WHAT IS BEING ASKED =
Your answer should be only the lines below from the one with "Definition is_hom (M" to the one with "have size_end e", repeated exactly, ends included.

Saved data entries

──────

(* Let $\mathcal P\subseteq\mathcal G$ be a pseudo-torsion class and $\mathcal Q=\mathcal P^\perp$. For every $M\in\mathcal G$ there is a unique strict subobject $tM$ of $M$ such that $tM\in\mathcal P$ and $fM:=M/tM\in\mathcal Q$; thus $0\to tM\to M\to fM\to 0$ is a strict exact sequence. Moreover, for every strict morphism $\varphi:M\to N$ with $M,N\in\mathcal G$, $\varphi(tM)\subseteq tN$, and the induced maps $tM\to tN$ and $fM\to fN$ are strict morphisms making the evident diagram with the two strict exact sequences commute.
   Context: Let $\Lambda$ be a finite dimensional algebra over a field and $\mathrm{mod}\text-\Lambda$ the category of finitely generated right $\Lambda$-modules. Fix a torsion class $\mathcal G\subseteq\mathrm{mod}\text-\Lambda$, i.e. a class of modules closed under isomorphisms, extensions and quotients. For $B\in\mathcal G$, a subobject of $B$ is a submodule of $B$ that lies in $\mathcal G$. A subobject $A\subseteq B$ is a strict subobject if $A\cap B'\in\mathcal G$ for every subobject $B'$ of $B$. A strict quotient of $B$ is $B/A$ with $A$ a strict subobject. A short exact sequence $0\to A\to B\to C\to0$ with $A,B,C\in\mathcal G$ is strict exact (and $B$ a strict extension of $A$ by $C$) if the image of $A$ is a strict subobject of $B$. A strict morphism is a homomorphism $f:A\to B$ with $A,B\in\mathcal G$ such that $\ker f\in\mathcal G$ is a strict subobject of $A$ and $\operatorname{im} f$ is a strict subobject of $B$. A pseudo-torsion class is a nonempty class $\mathcal P\subseteq\mathcal G$ closed under strict quotients and strict extensions. For $\mathcal X\subseteq\mathcal G$, $\mathcal X^\perp$ is the class of $Y\in\mathcal G$ such that every strict morphism $X\to Y$ with $X\in\mathcal X$ is zero. *)

(* Right modules over a finite dimensional algebra are
   represented concretely: a finitely generated right Lam-module is a
   finite dimensional F-vector space F^n (row vectors) together with the
   matrices of the right action of the elements of Lam. *)
From HB Require Import structures.
From mathcomp Require Import all_boot all_order all_algebra.
From mathcomp Require Import falgebra.
Set Implicit Arguments. Unset Strict Implicit. Unset Printing Implicit Defensive.
Import GRing.Theory.
Local Open Scope ring_scope.

Section Modules.
Variables (F : fieldType) (Lam : falgType F).

(* A (candidate) module: dimension and action matrices; row vector v acts
   as v *m ract M a. *)
Record rmod := RMod { rdim : nat; ract : Lam -> 'M[F]_rdim }.

Definition valid (M : rmod) : Prop :=
  [/\ forall (c : F) (a b : Lam), ract M (c *: a + b) = c *: ract M a + ract M b,
      ract M 1 = 1%:M
    & forall a b : Lam, ract M (a * b) = ract M a *m ract M b].

Definition is_hom (M N : rmod) (f : 'M[F]_(rdim M, rdim N)) : Prop :=
  forall a : Lam, ract M a *m f = f *m ract N a.

Definition is_iso (M N : rmod) (f : 'M[F]_(rdim M, rdim N)) : Prop :=
  is_hom f /\ row_free f /\ row_full f.

Definition short_exact (A B C : rmod)
    (f : 'M[F]_(rdim A, rdim B)) (g : 'M[F]_(rdim B, rdim C)) : Prop :=
  [/\ is_hom f, is_hom g, row_free f, row_full g & (f == kermx g)%MS].

Definition mclass := rmod -> Prop.

Definition torsion_class (G : mclass) : Prop :=
  [/\ (forall M, G M -> valid M),
      (forall M N (f : 'M[F]_(rdim M, rdim N)), G M -> valid N -> is_iso f -> G N),
      (forall A B C (f : 'M[F]_(rdim A, rdim B)) (g : 'M[F]_(rdim B, rdim C)),
          G A -> G C -> valid B -> short_exact f g -> G B)
    & (forall M N (g : 'M[F]_(rdim M, rdim N)),
          G M -> valid N -> is_hom g -> row_full g -> G N)].

(* A submodule U of M (given by the row space of U) is realized by X via the
   injective homomorphism e with image U. *)
Definition sub_real (M : rmod) k (U : 'M[F]_(k, rdim M))
    (X : rmod) (e : 'M[F]_(rdim X, rdim M)) : Prop :=
  [/\ valid X, is_hom e, row_free e & (e == U)%MS].
Lemma uniq_tri_block_params n : uniq (tri_block_params n).
Proof.
elim: n => [|n IH] //; rewrite tri_block_paramsS cat_uniq IH uniq_params_ending_at andbT.
apply/hasPn => -[[a b] j]; rewrite mem_params_ending_at mem_tri_block_params.
by rewrite /tri_block_param; lia.
Qed.

Fixpoint sum_half (c : nat) : nat := if c is c'.+1 then sum_half c' + c./2 else 0.

Fixpoint nb_tri_blocks (n : nat) : nat :=
  if n is n'.+1 then nb_tri_blocks n' + sum_half n else 1.

Lemma size_tri_block_params n : size (tri_block_params n) = nb_tri_blocks n.
Proof.
have size_end e c : size (params_ending_at e c) = sum_half c.
  by elim: c => [|c IH] //=; rewrite size_cat IH size_map size_iota.
by elim: n => [|n IH] //; rewrite tri_block_paramsS size_cat IH size_end.
Qed.

Lemma sum_half_closed k : sum_half (2 * k) = k * k /\ sum_half (2 * k).+1 = k * k.+1.
Proof.
elim: k => [|k [IH1 IH2]] //; rewrite (_ : 2 * k.+1 = (2 * k).+2) /=; last lia.
by rewrite IH1; split; lia.
Qed.

Lemma nb_tri_blocks_closed k :
  6 * nb_tri_blocks (2 * k) + k = 4 * k ^ 3 + 3 * k ^ 2 + 6 /\
  6 * nb_tri_blocks (2 * k).+1 = 4 * k ^ 3 + 9 * k ^ 2 + 5 * k + 6.
Proof.
elim: k => [|k [IH1 IH2]] //; have [h1 h2] := sum_half_closed k.
have [h3 h4] := sum_half_closed k.+1.
rewrite (_ : 2 * k.+1 = (2 * k).+2) in h3 h4 *; last lia.
by rewrite /= in IH2 *; split; nia.
Qed.

(** * Pattern containment in permutations *)

Lemma subseq_iota0 s n : subseq s (iota 0 n) = sorted ltn s && all (gtn n) s.
Proof.
apply/idP/andP => [sub_s | [s_sorted s_lt]].
  split; first exact: (subseq_sorted ltn_trans sub_s (iota_ltn_sorted 0 n)).
  by apply/allP => x /(mem_subseq sub_s); rewrite mem_iota.
have <- : [seq x <- iota 0 n | x \in s] = s.
  apply: (irr_sorted_eq ltn_trans ltnn) => //.
    exact: (sorted_filter ltn_trans _ (iota_ltn_sorted 0 n)).
  by move=> x; rewrite mem_filter mem_iota andb_idr // => /(allP s_lt).
exact: filter_subseq.
Qed.

Definition same_pattern (s tau : seq nat) : bool :=
  (size s == size tau) &&
  [forall a : 'I_(size tau), forall b : 'I_(size tau),
     (a < b) ==> ((nth 0 s a > nth 0 s b) == (nth 0 tau a > nth 0 tau b))].

Lemma same_pattern3 x y z t0 t1 t2 : same_pattern [:: x; y; z] [:: t0; t1; t2] =
  [&& (y < x) == (t1 < t0), (z < x) == (t2 < t0) & (z < y) == (t2 < t1)].
Proof.
apply/idP/idP => [/andP [_ /forallP pat] | /and3P [p01 p02 p12]].
- have pat_at (a b : 'I_3) := forallP (pat a) b.
  have := pat_at ord0 (inord 1); have := pat_at ord0 (inord 2).
  have := pat_at (inord 1) (inord 2).
  by rewrite /= !inordK //= => -> -> ->.
- by apply/andP; split=> //; apply/forallP => -[[|[|[|a]]] ?] //;
    apply/forallP => -[[|[|[|b]]] ?].
Qed.

Lemma same_pattern4 x y z w t0 t1 t2 t3 :
  same_pattern [:: x; y; z; w] [:: t0; t1; t2; t3] =
  [&& (y < x) == (t1 < t0), (z < x) == (t2 < t0), (w < x) == (t3 < t0),
      (z < y) == (t2 < t1), (w < y) == (t3 < t1) & (w < z) == (t3 < t2)].
Proof.
apply/idP/idP => [/andP [_ /forallP pat] | /and5P [p01 p02 p03 p12 /andP [p13 p23]]].
- have pat_at (a b : 'I_4) := forallP (pat a) b.
  have := pat_at ord0 (inord 1); have := pat_at ord0 (inord 2).
  have := pat_at ord0 (inord 3); have := pat_at (inord 1) (inord 2).
  have := pat_at (inord 1) (inord 3); have := pat_at (inord 2) (inord 3).
  by rewrite /= !inordK //= => -> -> -> -> -> ->.
- by apply/andP; split=> //; apply/forallP => -[[|[|[|[|a]]]] ?] //;
    apply/forallP => -[[|[|[|[|b]]]] ?].
Qed.

Section PermAsNatFun.
Variable n : nat.
Implicit Types (pi sigma : {perm 'I_n}).

Definition permn pi (k : nat) : nat := if insub k is Some x then val (pi x) else 0.

Lemma permnE pi (x : 'I_n) : permn pi x = val (pi x).
Proof. by rewrite /permn valK. Qed.

Lemma permn_ord pi k (kn : k < n) : permn pi k = val (pi (Ordinal kn)).
Proof. by rewrite -permnE. Qed.

Lemma permn_lt pi : maps_below (permn pi) n.
Proof. by move=> k kn; rewrite (permn_ord pi kn); apply: ltn_ord. Qed.

Lemma permn_inj pi : inj_below (permn pi) n.
Proof.
move=> i j i_lt j_lt; rewrite (permn_ord pi i_lt) (permn_ord pi j_lt).
by move=> /val_inj /perm_inj [].
Qed.

Lemma permnM pi sigma k : k < n -> permn (pi * sigma)%g k = permn sigma (permn pi k).
Proof. by move=> kn; rewrite !(permn_ord _ kn) permnE permM. Qed.

Lemma oneline_permn pi : oneline pi = [seq (permn pi k).+1 | k <- iota 0 n].
Proof.
by rewrite /oneline -val_enum_ord -map_comp; apply: eq_map => x /=; rewrite permnE.
Qed.

Lemma containsP pi tau :
  reflect (exists2 s, subseq s (iota 0 n) & same_pattern [seq (permn pi k).+1 | k <- s] tau)
          (contains pi tau).
Proof.
apply: (iffP existsP) => [[m] | [s sub_s pat]].
  rewrite /= oneline_permn -map_mask => pat.
  by exists (mask m (iota 0 n)); first exact: mask_subseq.
move: pat; have /subseqP [m size_m ->] := sub_s => pat.
have size_m' : size m == n by rewrite size_m size_iota.
by exists (Tuple size_m'); rewrite /= oneline_permn -map_mask.
Qed.

Lemma contains3P pi t0 t1 t2 : contains pi [:: t0; t1; t2] <->
  exists i j k, [/\ i < j, j < k, k < n &
    [&& (permn pi j < permn pi i) == (t1 < t0), (permn pi k < permn pi i) == (t2 < t0)
      & (permn pi k < permn pi j) == (t2 < t1)]].
Proof.
split=> [/containsP [[|i [|j [|k [|l s]]]] //] | [i [j [k [ij jk kn pat]]]]].
  rewrite subseq_iota0 /= same_pattern3 !ltnS => ijk pat.
  by exists i, j, k; split=> //; lia.
by apply/containsP; exists [:: i; j; k]; rewrite ?subseq_iota0 /= ?same_pattern3 ?ltnS //; lia.
Qed.

Lemma contains4P pi t0 t1 t2 t3 : contains pi [:: t0; t1; t2; t3] <->
  exists i j k l, [/\ i < j, j < k, k < l, l < n &
    [&& (permn pi j < permn pi i) == (t1 < t0), (permn pi k < permn pi i) == (t2 < t0),
        (permn pi l < permn pi i) == (t3 < t0), (permn pi k < permn pi j) == (t2 < t1),
        (permn pi l < permn pi j) == (t3 < t1) & (permn pi l < permn pi k) == (t3 < t2)]].
Proof.
split=> [/containsP [[|i [|j [|k [|l [|o s]]]]] //] | [i [j [k [l [ij jk kl ln pat]]]]]].
  rewrite subseq_iota0 /= same_pattern4 !ltnS => ijkl pat.
  by exists i, j, k, l; split=> //; lia.
apply/containsP; exists [:: i; j; k; l]; rewrite ?subseq_iota0 /= ?same_pattern4 ?ltnS //.
lia.
Qed.

Lemma avoids231P pi : avoids pi [:: 2; 3; 1] <-> avoid231 (permn pi) n.
Proof.
split=> [/negP no_pat i j k ij jk kn ki ij' | p231].
  by apply: no_pat; apply/contains3P; exists i, j, k; split=> //; lia.
apply/negP => /contains3P [i [j [k [ij jk kn pat]]]].
by have := @permn_inj pi i j; have := p231 i j k; lia.
Qed.

Lemma avoids312P pi : avoids pi [:: 3; 1; 2] <-> avoid312 (permn pi) n.
Proof.
split=> [/negP no_pat i j k ij jk kn jk' ki | p312].
  by apply: no_pat; apply/contains3P; exists i, j, k; split=> //; lia.
apply/negP => /contains3P [i [j [k [ij jk kn pat]]]].
by have := @permn_inj pi j k; have := p312 i j k; lia.
Qed.

Lemma avoids1243P pi : avoids pi [:: 1; 2; 4; 3] <-> avoid1243 (permn pi) n.
Proof.
split=> [/negP no_pat i j k l ij jk kl ln ij' jl lk | p1243].
  by apply: no_pat; apply/contains4P; exists i, j, k, l; split=> //; lia.
apply/negP => /contains4P [i [j [k [l [ij jk kl ln pat]]]]].
by have := @permn_inj pi i j; have := @permn_inj pi j l; have := p1243 i j k l; lia.
Qed.

Lemma avoids2134P pi : avoids pi [:: 2; 1; 3; 4] <-> avoid2134 (permn pi) n.
Proof.
split=> [/negP no_pat i j k l ij jk kl ln ji ik kl' | p2134].
  by apply: no_pat; apply/contains4P; exists i, j, k, l; split=> //; lia.
apply/negP => /contains4P [i [j [k [l [ij jk kl ln pat]]]]].
by have := @permn_inj pi i k; have := @permn_inj pi k l; have := p2134 i j k l; lia.
Qed.


Definition sq_avoids (s1 s2 rho : seq nat) pi : bool :=
  [&& avoids pi s1, avoids pi s2 & avoids (pi * pi)%g rho].

Lemma sq_avoids231P pi :
  sq_avoids [:: 2; 3; 1] [:: 1; 2; 4; 3] [:: 2; 3; 1] pi <->
  [/\ avoid231 (permn pi) n, avoid1243 (permn pi) n & avoid231 (fun i => permn pi (permn pi i)) n].
Proof.
have sqE i : i < n -> permn (pi * pi) i = permn pi (permn pi i) by apply: permnM.
split=> [/and3P [/avoids231P p231 /avoids1243P p1243 /avoids231P sq231] | [p231 p1243 sq231]].
  by split=> //; apply: eq_avoid231 sq231.
apply/and3P; split; [exact/avoids231P | exact/avoids1243P | apply/avoids231P].
by apply: eq_avoid231 sq231 => i /sqE.
Qed.

End PermAsNatFun.

Section ReverseComplementFun.
Variables (n : nat) (p q : nat -> nat).
Hypotheses (p_lt : maps_below p n) (qE : forall k, k < n -> q k = n.-1 - p (n.-1 - k)).

Let p_le i : i < n -> p i <= n.-1.
Proof. by move=> /p_lt; lia. Qed.
(* Let $1\le k\le n-1$, let $I,J\in V_{k,n}$, and let $P_1,\dots,P_d$ be the connected components of $F_I\triangle F_J$, ordered by increasing column index. Let $\alpha_I,\alpha_J\in\{0,1\}^d$ be defined by $(\alpha_I)_m=1$ iff $P_m\subseteq F_I$ (and similarly for $J$), so that $\chi_I=\chi_{F_I\cap F_J}+\sum_m(\alpha_I)_m\chi_{P_m}$ and likewise for $J$. Then: (1) $I$ and $J$ are nonnesting if and only if $\{\alpha_I,\alpha_J\}=\{(0,\dots,0),(1,\dots,1)\}$; (2) $I$ and $J$ are noncrossing if and only if $\{\alpha_I,\alpha_J\}=\{(0,1,0,1,\dots),(1,0,1,0,\dots)\}$ (the two alternating vectors of length $d$).
   Context: $V_{k,n}$ denotes the set of integer vectors $I=(i_1,\dots,i_k)$ with $1\le i_1<\dots<i_k\le n$. Two arcs $(p<p')$, $(q<q')$ cross if $p<q<p'<q'$ or $q<p<q'<p'$; they nest if $p<q<q'<p'$ or $q<p<p'<q'$. $I,J$ are noncrossing if for all $1\le a<b\le k$ with $i_\ell=j_\ell$ for all $a<\ell<b$, the arcs $(i_a<i_b)$ and $(j_a<j_b)$ do not cross; they are nonnesting if for all $1\le a<b\le k$ these arcs do not nest. Let $P_{k,n}=\{(a,b):a\in[k],b\in[n-k]\}$ ($a$ = row, $b$ = column index), and for $I\in V_{k,n}$ let $F_I=\{(a,b)\in P_{k,n}: i_a\le a+b-1\}$ with characteristic vector $\chi_I$. The connected components of $S=F_I\triangle F_J$ are taken with respect to adjacency of positions differing by $1$ in exactly one coordinate; they occupy pairwise disjoint intervals of column indices, and are labeled $P_1,\dots,P_d$ from left (smallest column indices) to right. *)

From mathcomp Require Import all_boot.
Set Implicit Arguments. Unset Strict Implicit. Unset Printing Implicit Defensive.

(* A vector I = (i_1,...,i_k) is a seq nat; i_a (1-based) is nth 0 I (a-1). *)
Definition inV (k n : nat) (I : seq nat) : bool :=
  [&& size I == k, sorted ltn I & all (fun x => 0 < x <= n) I].

(* arcs (p < p') and (q < q') *)
Definition cross (p p' q q' : nat) : bool :=
  ((p < q) && (q < p') && (p' < q')) || ((q < p) && (p < q') && (q' < p')).
Definition nest (p p' q q' : nat) : bool :=
  ((p < q) && (q < q') && (q' < p')) || ((q < p) && (p < p') && (p' < q')).

(* 0-based indices a < b < k correspond to 1-based a+1 < b+1 <= k *)
Definition noncrossing (k : nat) (I J : seq nat) : Prop :=
  forall a b, a < b < k ->
    (forall l, a < l < b -> nth 0 I l = nth 0 J l) ->
    ~~ cross (nth 0 I a) (nth 0 I b) (nth 0 J a) (nth 0 J b).

Definition nonnesting (k : nat) (I J : seq nat) : Prop :=
  forall a b, a < b < k ->
    ~~ nest (nth 0 I a) (nth 0 I b) (nth 0 J a) (nth 0 J b).

(* P_{k,n}: position (a,b) 0-based stands for (a+1,b+1) (row, column). *)
Definition pos (k n : nat) := ('I_k * 'I_(n - k))%type.

(* F_I = {(a,b) : i_a <= a + b - 1} in 1-based indices *)
Definition F (k n : nat) (I : seq nat) : {set pos k n} :=
  [set p : pos k n | nth 0 I p.1 <= p.1 + p.2 + 1].

Definition symd (k n : nat) (I J : seq nat) : {set pos k n} :=
  (F k n I :\: F k n J) :|: (F k n J :\: F k n I).

Definition adj (k n : nat) (p q : pos k n) : bool :=
  ((p.1 == q.1) && ((p.2.+1 == q.2 :> nat) || (q.2.+1 == p.2 :> nat))) ||
  ((p.2 == q.2) && ((p.1.+1 == q.1 :> nat) || (q.1.+1 == p.1 :> nat))).

Definition adjS (k n : nat) (S : {set pos k n}) : rel (pos k n) :=
  fun p q => [&& p \in S, q \in S & adj p q].

Definition components (k n : nat) (S : {set pos k n}) : {set {set pos k n}} :=
  [set [set q | connect (adjS S) p q] | p in S].

Definition mincol (k n : nat) (C : {set pos k n}) : nat :=
  \big[minn/n]_(p in C) (p.2 : nat).

Definition comps (k n : nat) (I J : seq nat) : seq {set pos k n} :=
  sort (fun C D => mincol C <= mincol D) (enum (components (symd k n I J))).

Definition alpha (k n : nat) (X I J : seq nat) : seq bool :=
  [seq (C \subset F k n X) | C : {set pos k n} <- comps k n I J].

Definition alt01 (d : nat) : seq bool := mkseq (fun m => odd m) d.
Definition alt10 (d : nat) : seq bool := mkseq (fun m => ~~ odd m) d.

From mathcomp Require Import all_boot zify.
Set Implicit Arguments. Unset Strict Implicit. Unset Printing Implicit Defensive.

(* In row a the cells of F_I (symdiff) F_J form one horizontal run, lying between the columns
   determined by i_a and j_a, and on it F_I is the side of the smaller of the two.  Since both
   vectors increase by at least one per row, any two cells of the symmetric difference with one
   weakly south-west of the other are joined by a path inside it.  Hence cells of distinct
   components are strictly north-west/south-east of each other, the components are linearly
   ordered, each lies in F_I or in F_J according to the constant sign of i_a - j_a on its rows,
   and alpha_J is the complement of alpha_I.
   (1) A nest between rows a < b is exactly a sign change between two nonzero rows.
   (2) Two consecutive components of equal sign are separated either by a row with i = j or by
   adjacent rows whose runs do not touch, and in both cases the boundary arcs cross; conversely,
   crossing arcs at rows a < b (equal in between) separate the components through rows a and b
   with no component in between, and these have the same sign. *)

Lemma compl_pair_eqi (s a : seq bool) :
  [:: s; map negb s] =i [:: a; map negb a] <-> s = a \/ s = map negb a.
Proof.
split=> [/(_ s)|[]-> //]; first by rewrite !inE eqxx => /esym/orP[]/eqP; auto.
by move=> x; rewrite (mapK negbK) !inE orbC.
Qed.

──────

TASK RESULT =
Definition is_hom (M N : rmod) (f : 'M[F]_(rdim M, rdim N)) : Prop :=
  forall a : Lam, ract M a *m f = f *m ract N a.

Definition is_iso (M N : rmod) (f : 'M[F]_(rdim M, rdim N)) : Prop :=
  is_hom f /\ row_free f /\ row_full f.

Definition short_exact (A B C : rmod)
    (f : 'M[F]_(rdim A, rdim B)) (g : 'M[F]_(rdim B, rdim C)) : Prop :=
  [/\ is_hom f, is_hom g, row_free f, row_full g & (f == kermx g)%MS].

Definition mclass := rmod -> Prop.

Definition torsion_class (G : mclass) : Prop :=
  [/\ (forall M, G M -> valid M),
      (forall M N (f : 'M[F]_(rdim M, rdim N)), G M -> valid N -> is_iso f -> G N),
      (forall A B C (f : 'M[F]_(rdim A, rdim B)) (g : 'M[F]_(rdim B, rdim C)),
          G A -> G C -> valid B -> short_exact f g -> G B)
    & (forall M N (g : 'M[F]_(rdim M, rdim N)),
          G M -> valid N -> is_hom g -> row_full g -> G N)].

(* A submodule U of M (given by the row space of U) is realized by X via the
   injective homomorphism e with image U. *)
Definition sub_real (M : rmod) k (U : 'M[F]_(k, rdim M))
    (X : rmod) (e : 'M[F]_(rdim X, rdim M)) : Prop :=
  [/\ valid X, is_hom e, row_free e & (e == U)%MS].
Lemma uniq_tri_block_params n : uniq (tri_block_params n).
Proof.
elim: n => [|n IH] //; rewrite tri_block_paramsS cat_uniq IH uniq_params_ending_at andbT.
apply/hasPn => -[[a b] j]; rewrite mem_params_ending_at mem_tri_block_params.
by rewrite /tri_block_param; lia.
Qed.

Fixpoint sum_half (c : nat) : nat := if c is c'.+1 then sum_half c' + c./2 else 0.

Fixpoint nb_tri_blocks (n : nat) : nat :=
  if n is n'.+1 then nb_tri_blocks n' + sum_half n else 1.

Lemma size_tri_block_params n : size (tri_block_params n) = nb_tri_blocks n.
Proof.
have size_end e c : size (params_ending_at e c) = sum_half c.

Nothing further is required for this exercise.